Stored items

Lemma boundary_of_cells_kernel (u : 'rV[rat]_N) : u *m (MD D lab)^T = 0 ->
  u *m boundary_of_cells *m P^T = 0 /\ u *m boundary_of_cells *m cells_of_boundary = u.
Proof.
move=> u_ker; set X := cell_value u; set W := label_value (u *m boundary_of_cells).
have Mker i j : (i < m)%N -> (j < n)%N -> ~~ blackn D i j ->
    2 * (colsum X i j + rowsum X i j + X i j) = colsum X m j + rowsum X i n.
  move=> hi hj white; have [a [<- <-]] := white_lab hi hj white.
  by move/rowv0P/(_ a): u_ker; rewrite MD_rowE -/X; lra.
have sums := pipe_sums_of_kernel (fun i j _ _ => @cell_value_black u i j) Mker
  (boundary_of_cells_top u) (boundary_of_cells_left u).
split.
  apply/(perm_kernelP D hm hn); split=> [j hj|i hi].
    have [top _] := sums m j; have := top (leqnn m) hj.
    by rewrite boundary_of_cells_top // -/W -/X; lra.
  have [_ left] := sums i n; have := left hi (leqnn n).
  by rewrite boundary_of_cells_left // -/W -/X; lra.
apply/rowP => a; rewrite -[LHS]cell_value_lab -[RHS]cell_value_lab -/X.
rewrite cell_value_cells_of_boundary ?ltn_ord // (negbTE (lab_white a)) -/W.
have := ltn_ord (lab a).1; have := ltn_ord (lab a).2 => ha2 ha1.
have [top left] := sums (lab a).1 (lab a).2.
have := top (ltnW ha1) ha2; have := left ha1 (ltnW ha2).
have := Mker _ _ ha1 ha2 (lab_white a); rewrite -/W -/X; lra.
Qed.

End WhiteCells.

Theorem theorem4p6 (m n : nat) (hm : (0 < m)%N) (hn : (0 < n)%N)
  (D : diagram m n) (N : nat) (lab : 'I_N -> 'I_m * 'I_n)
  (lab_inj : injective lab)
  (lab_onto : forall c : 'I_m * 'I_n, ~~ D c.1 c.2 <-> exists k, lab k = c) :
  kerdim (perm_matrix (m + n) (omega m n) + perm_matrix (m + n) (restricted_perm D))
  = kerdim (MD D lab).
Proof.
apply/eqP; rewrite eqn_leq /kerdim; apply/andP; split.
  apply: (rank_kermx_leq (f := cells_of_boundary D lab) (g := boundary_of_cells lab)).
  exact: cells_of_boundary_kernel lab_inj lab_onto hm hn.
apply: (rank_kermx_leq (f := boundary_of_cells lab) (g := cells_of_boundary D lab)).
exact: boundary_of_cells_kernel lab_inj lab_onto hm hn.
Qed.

[What is being asked] Output the records in full. Match them exactly.

[Task solution]
Lemma boundary_of_cells_kernel (u : 'rV[rat]_N) : u *m (MD D lab)^T = 0 ->
  u *m boundary_of_cells *m P^T = 0 /\ u *m boundary_of_cells *m cells_of_boundary = u.
Proof.
move=> u_ker; set X := cell_value u; set W := label_value (u *m boundary_of_cells).
have Mker i j : (i < m)%N -> (j < n)%N -> ~~ blackn D i j ->
    2 * (colsum X i j + rowsum X i j + X i j) = colsum X m j + rowsum X i n.
  move=> hi hj white; have [a [<- <-]] := white_lab hi hj white.
  by move/rowv0P/(_ a): u_ker; rewrite MD_rowE -/X; lra.
have sums := pipe_sums_of_kernel (fun i j _ _ => @cell_value_black u i j) Mker
  (boundary_of_cells_top u) (boundary_of_cells_left u).
split.
  apply/(perm_kernelP D hm hn); split=> [j hj|i hi].
    have [top _] := sums m j; have := top (leqnn m) hj.
    by rewrite boundary_of_cells_top // -/W -/X; lra.
  have [_ left] := sums i n; have := left hi (leqnn n).
  by rewrite boundary_of_cells_left // -/W -/X; lra.
apply/rowP => a; rewrite -[LHS]cell_value_lab -[RHS]cell_value_lab -/X.
rewrite cell_value_cells_of_boundary ?ltn_ord // (negbTE (lab_white a)) -/W.
have := ltn_ord (lab a).1; have := ltn_ord (lab a).2 => ha2 ha1.
have [top left] := sums (lab a).1 (lab a).2.
have := top (ltnW ha1) ha2; have := left ha1 (ltnW ha2).
have := Mker _ _ ha1 ha2 (lab_white a); rewrite -/W -/X; lra.
Qed.

End WhiteCells.

Theorem theorem4p6 (m n : nat) (hm : (0 < m)%N) (hn : (0 < n)%N)
  (D : diagram m n) (N : nat) (lab : 'I_N -> 'I_m * 'I_n)
  (lab_inj : injective lab)
  (lab_onto : forall c : 'I_m * 'I_n, ~~ D c.1 c.2 <-> exists k, lab k = c) :
  kerdim (perm_matrix (m + n) (omega m n) + perm_matrix (m + n) (restricted_perm D))
  = kerdim (MD D lab).
Proof.
apply/eqP; rewrite eqn_leq /kerdim; apply/andP; split.
  apply: (rank_kermx_leq (f := cells_of_boundary D lab) (g := boundary_of_cells lab)).
  exact: cells_of_boundary_kernel lab_inj lab_onto hm hn.
apply: (rank_kermx_leq (f := boundary_of_cells lab) (g := cells_of_boundary D lab)).
exact: boundary_of_cells_kernel lab_inj lab_onto hm hn.
Qed.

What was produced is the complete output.